I came home the other day to discover a new yellow phone book had been left on my front step. Immediately it went into the recycling bin. Who uses phone books anymore? Not me.
The really interesting thing is not simply that technology is advancing and the world is changing at such a ferocious pace, but that we lose touch so quickly with how things once were.
Remember when phone booths were on every second corner? When really rich people had actual phones in their car?!
If you want to put things in some real perspective, take a look at this advertisement from one of my 1950s National Geographic magazines. The ad is for Bell Telephone Systems and it is promoting the use of trans-Atlantic phone service.
Of course you already knew we could call across the ocean in 1956. But did you know how for all practical purposes few people could ever afford actually to do it?
Near the end of the ad the copy declares that calling Europe “is easy to do” and the cost is “lower than most people think”.

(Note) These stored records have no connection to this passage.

Definition minimal_projection (N : vec -> R) (Y P : 'M[R]_n) : Prop :=
  is_projection Y P /\ opnorm N P = lambda N Y.

Definition norming_pair (N : vec -> R) (P : 'M[R]_n) (x f : vec) : Prop :=
  [/\ ext (unit_ball N) x, ext (dual_unit_ball N) f
    & fapp f (x *m P) = opnorm N P].

End Defs.

From HB Require Import structures.
From mathcomp Require Import all_boot all_order all_algebra.
From mathcomp Require Import boolp classical_sets reals.
From mathcomp Require Import ring lra zify.
Import Order.TTheory GRing.Theory Num.Theory.
Local Open Scope ring_scope.

(* Write a projection onto Y as P = (Q0 + K^T G) B, where B is a basis of Y,
   B Q0 = 1 and the rows of K span the annihilator of Y; G ranges freely over
   (n-k) x k matrices.  Since B_X and B_{X^*} are polytopes, ||P|| is the
   maximum of f(x P) over their finitely many extreme points x, f, so
   minimising ||P|| is the linear program "minimise t subject to f(x P) <= t"
   in the (n-k)k + 1 unknowns (G, t).  Its feasible set contains no line and t
   is bounded below, so the minimum is attained at a vertex, where at least
   (n-k)k + 1 >= n constraints are active; each active constraint is a norming
   pair.  That every x is normed by an extreme point of B_{X^*} is Farkas'
   lemma. *)

Lemma ler_sum_term {R : realType} {I : finType} (F : I -> R) j :
  (forall i, 0 <= F i) -> F j <= \sum_i F i.
Proof.
move=> F0; rewrite (bigD1 j) //= -[leLHS]addr0 lerD2l.
by apply: sumr_ge0 => i _.
Qed.

Section Pairing.
Context {R : realType}.

Lemma fappC {m} (u v : 'rV[R]_m) : fapp u v = fapp v u.
Proof. by apply: eq_bigr => i _; rewrite mulrC. Qed.

Lemma fappDr {m} (u v w : 'rV[R]_m) : fapp u (v + w) = fapp u v + fapp u w.
Proof. by rewrite /fapp -big_split; apply: eq_bigr => i _; rewrite !mxE mulrDr. Qed.

Lemma fappZr {m} (c : R) (u v : 'rV[R]_m) : fapp u (c *: v) = c * fapp u v.
Proof. by rewrite /fapp mulr_sumr; apply: eq_bigr => i _; rewrite !mxE mulrCA. Qed.

Lemma fappDl {m} (u v w : 'rV[R]_m) : fapp (v + w) u = fapp v u + fapp w u.
Proof. by rewrite fappC fappDr fappC (fappC w). Qed.

Lemma fappZl {m} (c : R) (u v : 'rV[R]_m) : fapp (c *: v) u = c * fapp v u.
Proof. by rewrite fappC fappZr fappC. Qed.

Lemma fapp0r {m} (u : 'rV[R]_m) : fapp u 0 = 0.
Proof. by rewrite -(scale0r 0) fappZr mul0r. Qed.

Lemma fappNr {m} (u v : 'rV[R]_m) : fapp u (- v) = - fapp u v.
Proof. by rewrite -scaleN1r fappZr mulN1r. Qed.

Lemma fappNl {m} (u v : 'rV[R]_m) : fapp (- v) u = - fapp v u.
Proof. by rewrite fappC fappNr fappC. Qed.

Lemma fappBr {m} (u v w : 'rV[R]_m) : fapp u (v - w) = fapp u v - fapp u w.
Proof. by rewrite fappDr fappNr. Qed.

Lemma fappBl {m} (u v w : 'rV[R]_m) : fapp (v - w) u = fapp v u - fapp w u.
Proof. by rewrite fappDl fappNl. Qed.

Lemma fapp_sumr {m} (u : 'rV[R]_m) (I : Type) (r : seq I) (P : pred I) F :
  fapp u (\sum_(i <- r | P i) F i) = \sum_(i <- r | P i) fapp u (F i).
Proof. by elim/big_rec2: _ => [|i y v _ <-]; rewrite ?fapp0r ?fappDr. Qed.

Lemma fapp_self_gt0 {m} (u : 'rV[R]_m) : u != 0 -> 0 < fapp u u.
Proof.
move=> u0; have [i ui] : exists i, u 0 i != 0.
  apply/existsP; apply: contraR u0 => /existsPn u0; apply/eqP/rowP => i.
  by move: (u0 i); rewrite negbK mxE => /eqP.
rewrite /fapp (bigD1 i) //= ltr_pwDl //; first by rewrite -expr2 exprn_even_gt0.
by apply: sumr_ge0 => j _; rewrite -expr2 sqr_ge0.
Qed.

Lemma fapp_delta {m} (u : 'rV[R]_m) i : fapp u (delta_mx 0 i) = u 0 i.
Proof.
rewrite /fapp (bigD1 i) //= big1 => [|j /negPf ji]; first by rewrite mxE !eqxx mulr1 addr0.
by rewrite mxE ji andbF mulr0.
Qed.

Lemma fapp_row_mx_scalar {m} (f x : 'rV[R]_m) (mu al : R) :
  fapp (row_mx f mu%:M) (row_mx x al%:M) = fapp f x + mu * al.
Proof.
rewrite /fapp big_split_ord /= big_ord1; congr (_ + _).
  by apply: eq_bigr => i _; rewrite !row_mxEl.
by rewrite !row_mxEr !mxE.
Qed.

Lemma fapp_mulmx {m p} (f : 'rV[R]_m) (A : 'M[R]_(p, m)) (x : 'rV[R]_p) :
  fapp f (x *m A) = fapp (f *m A^T) x.
Proof.
rewrite /fapp; under eq_bigr do rewrite mxE big_distrr.
rewrite exchange_big; apply: eq_bigr => j _; rewrite mxE big_distrl.
by apply: eq_bigr => i _; rewrite !mxE /=; ring.
Qed.

Lemma fapp_linear {m} (phi : 'rV[R]_m -> R) :
  (forall c u v, phi (c *: u + v) = c * phi u + phi v) ->
  forall u, phi u = fapp (\row_i phi (delta_mx 0 i)) u.
Proof.
move=> phiL u; have phi0 : phi 0 = 0.
  by have := phiL 1 0 0; rewrite scaler0 addr0 mul1r; lra.
rewrite {1}(row_sum_delta u) /fapp; elim/big_rec2: _ => [//|i y v _ <-].
by rewrite phiL mxE mulrC.
Qed.

Lemma farkas {m k} (A : 'I_k -> 'rV[R]_m) (b : 'rV[R]_m) :
  (exists2 l : 'I_k -> R, forall i, 0 <= l i & b = \sum_i l i *: A i) \/
  exists2 y, forall i, fapp y (A i) <= 0 & 0 < fapp y b.
Proof.
elim: k A b => [|k IH] A b.
  have [->|b0] := eqVneq b 0; first by left; exists (fun=> 0); rewrite ?big_ord0.
  by right; exists b => [[]|]; last exact: fapp_self_gt0.
set A0 := A ord0; set A' := A \o lift ord0.
have splitP (P : 'I_k.+1 -> Prop) : P ord0 -> (forall j, P (lift ord0 j)) -> forall i, P i.
  by move=> P0 P' i; case: (unliftP ord0 i) => [j ->|->].
have [[l l0 ->]|[y yA' yb]] := IH A' b.
  left; exists (fun i => if unlift ord0 i is Some j then l j else 0).
    by apply: splitP; rewrite ?unlift_none // => j; rewrite liftK.
  by rewrite big_ord_recl unlift_none scale0r add0r; apply: eq_bigr => j _; rewrite liftK.
have [yA0|yA0] := lerP (fapp y A0) 0; first by right; exists y => //; apply: splitP.
(* Fourier-Motzkin step: g kills A0 and maps into the hyperplane y^perp. *)
pose g x := fapp y A0 *: x - fapp y x *: A0.
have [[l l0 gbE]|[z zg zb]] := IH (g \o A') (g b).
  left; pose c := \sum_j l j * fapp y (A' j).
  exists (fun i => if unlift ord0 i is Some j then l j else (fapp y b - c) / fapp y A0).
    apply: splitP => [|j]; rewrite ?liftK // unlift_none.
    apply: divr_ge0 (ltW yA0); rewrite subr_ge0.
    apply: le_trans (ltW yb); apply: sumr_le0 => j _; exact: mulr_ge0_le0.
  rewrite big_ord_recl unlift_none; under eq_bigr do rewrite liftK.
  apply: (scalerI (lt0r_neq0 yA0)); rewrite scalerDr scalerA mulrC divfK ?lt0r_neq0 //.
  have gS : \sum_j l j *: (g \o A') j = fapp y A0 *: \sum_j l j *: A' j - c *: A0.
    rewrite scaler_sumr scaler_suml -sumrB; apply: eq_bigr => j _.
    by rewrite /g scalerBr !scalerA (mulrC (l j)).
  move: gbE; rewrite gS /g => /eqP; rewrite subr_eq => /eqP ->.
  by rewrite scalerBl [RHS]addrC -addrA (addrC (- _)).
right; exists (fapp y A0 *: z - fapp z A0 *: y).
  have zgE x : fapp (fapp y A0 *: z - fapp z A0 *: y) x = fapp z (g x).
    by rewrite /g fappBl fappBr !fappZl !fappZr; ring.
  apply: splitP => [|j]; rewrite zgE; last exact: zg.
  by rewrite /g subrr fapp0r.
by rewrite fappBl !fappZl; move: zb; rewrite /g fappBr !fappZr; lra.
Qed.

End Pairing.

Section Polyhedron.
Context {R : realType} {r : nat} {I : finType}.
Variables (a : I -> 'rV[R]_r) (b : I -> R).

Definition feasible (u : 'rV[R]_r) := forall i, fapp (a i) u <= b i.

Definition active (u : 'rV[R]_r) : {set I} := [set i | fapp (a i) u == b i].

Definition vertex (u : 'rV[R]_r) :=
  feasible u /\ forall d, (forall i, i \in active u -> fapp (a i) d = 0) -> d = 0.

Definition pointed :=
  forall u d, (forall s : R, feasible (u + s *: d)) -> d = 0.

Lemma vertex_active_inj {v w} : vertex v -> active v = active w -> w = v.
Proof.
move=> [_ hv] e; apply/eqP; rewrite -subr_eq0; apply/eqP; apply: hv => i iv.
have iw : i \in active w by rewrite -e.
by move: iv iw; rewrite !inE fappBr => /eqP-> /eqP->; rewrite subrr.
Qed.

Lemma vertices_finite : exists m (vs : 'I_m -> 'rV[R]_r),
  injective vs /\ forall v, vertex v <-> exists i, vs i = v.
Proof.
have [s sV Vs] : exists2 s : seq 'rV[R]_r,
    forall v, v \in s -> vertex v & forall v, vertex v -> v \in s.
  suff [s sV Vs] : exists2 s : seq 'rV[R]_r, forall v, v \in s -> vertex v &
      forall v, vertex v -> active v \in enum [set: {set I}] -> v \in s.
    by exists s => // v vv; apply: Vs; rewrite // mem_enum inE.
  elim: (enum _) => [|J Js [s sV Vs]]; first by exists [::].
  have [[w [vw wJ]]|nJ] := pselect (exists w, vertex w /\ active w = J); last first.
    exists s => // v vv; rewrite in_cons => /orP[/eqP vJ|/(Vs _ vv)//].
    by case: nJ; exists v.
  exists (w :: s) => [v|v vv]; rewrite !in_cons; first by case/orP=> [/eqP->|/sV].
  case/orP=> [/eqP vJ|/(Vs _ vv)->]; last by rewrite orbT.
  by rewrite (vertex_active_inj vw (etrans wJ (esym vJ))) eqxx.
exists (size (undup s)), (fun i => (undup s)`_i); split.
  by move=> i j /eqP; rewrite nth_uniq ?undup_uniq // => /eqP/val_inj.
move=> v; split => [/Vs vs|[i <-]]; last by apply: sV; rewrite -mem_undup mem_nth.
have vi : (index v (undup s) < size (undup s))%N by rewrite index_mem mem_undup.
by exists (Ordinal vi); rewrite /= nth_index ?mem_undup.
Qed.

Lemma vertex_ext v : vertex v -> ext feasible v.
Proof.
move=> [fv hv]; split => // y z t fy fz t0 t1 vE.
apply/eqP; rewrite -subr_eq0; apply/eqP; apply: hv => i.
rewrite inE vE fappDr !fappZr fappBr => /eqP vi.
have := fy i; have := fz i; nra.
Qed.

Lemma card_active_vertex v : vertex v -> (r <= #|active v|)%N.
Proof.
move=> [_ hv]; rewrite leqNgt; apply/negP => hlt.
pose A := \matrix_(j < r, l < #|active v|) a (enum_val l) 0 j.
have /rowV0Pn[d /sub_kermxP dA /eqP[]] : kermx A != 0.
  by rewrite -mxrank_eq0 mxrank_ker -lt0n subn_gt0 (leq_ltn_trans (rank_leq_col A)).
apply: hv => j jv; move/matrixP: dA => /(_ 0 (enum_rank_in jv j)).
rewrite !mxE => <-; rewrite /fapp; apply: eq_bigr => l _.
by rewrite mxE enum_rankK_in // mulrC.
Qed.

Lemma feasible_ray_step {u d} : feasible u ->
  (forall i, i \in active u -> fapp (a i) d = 0) -> (exists i, 0 < fapp (a i) d) ->
  exists2 s, 0 <= s & feasible (u + s *: d) /\ active u \proper active (u + s *: d).
Proof.
move=> fu du [i1 di1].
have [i0 di0 i0min] := @arg_minP _ _ _ i1 (fun i => 0 < fapp (a i) d)
  (fun i => (b i - fapp (a i) u) / fapp (a i) d) di1.
pose s := (b i0 - fapp (a i0) u) / fapp (a i0) d.
have s0 : 0 <= s by rewrite divr_ge0 ?subr_ge0 ?fu ?ltW.
exists s => //; split.
  move=> i; rewrite fappDr fappZr.
  have [di|di] := ltrP 0 (fapp (a i) d).
    by have := i0min i di; rewrite ler_pdivlMr // mulrC; lra.
  have : s * fapp (a i) d <= 0 by apply: mulr_ge0_le0.
  by have := fu i; lra.
apply/properP; split.
  apply/fintype.subsetP => i; rewrite !inE fappDr fappZr => /eqP ui.
  by rewrite du ?inE ?ui // mulr0 addr0.
exists i0; first by rewrite inE fappDr fappZr /s divfK ?lt0r_neq0 // addrC subrK.
by apply/negP => /du; lra.
Qed.

Section Descent.
Variables (c : 'rV[R]_r) (m0 : R).
Hypothesis pointedP : pointed.
Hypothesis c_bounded : forall u, feasible u -> m0 <= fapp c u.

Lemma recession_ge0 {u d} : feasible u -> (forall i, fapp (a i) d <= 0) -> 0 <= fapp c d.
Proof.
move=> fu dle0; rewrite leNgt; apply/negP => cd.
pose s := (fapp c u - m0 + 1) / - fapp c d.
have s0 : 0 <= s by rewrite divr_ge0 ?oppr_ge0 ?ltW //; have := c_bounded _ fu; lra.
have : feasible (u + s *: d).
  move=> i; rewrite fappDr fappZr.
  have : s * fapp (a i) d <= 0 by apply: mulr_ge0_le0.
  by have := fu i; lra.
move/c_bounded; rewrite fappDr fappZr /s -mulrA invrN mulNr mulVf ?lt_eqF //.
by rewrite mulrN1; lra.
Qed.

But not lower than you think, living comfortably in 2013, I guarantee that.
The copy continues:
“The daytime rate for the first three minutes from anywhere in the United States is $12…” and that’s not even including the tax.
Did you get that? To put the cost into perspective, the average person in 1956 earned about $4200. With that rough benchmark we can say that one 1956 dollar is equivalent to about seven 2013 dollars.
With that x7 approximation as our guide, we can multiply the cost of calling London for three minutes as the equivalent of $84 today. Think about that. It cost the equivalent of $84 (plus tax!) in 2013 dollars to call London for three minutes in 1956.
And with that you realize that calling overseas was a rare luxury for all but the most wealthy people. If your son had gone overseas to study in Oxford University in 1956 all your communication would have been via letter, except perhaps for a quick three minute phone call on Christmas eve.
By contrast, today Sub-Saharan African villagers who earn mere dollars a day can call you on their new smart phones.
That’s the world changed in less than sixty years.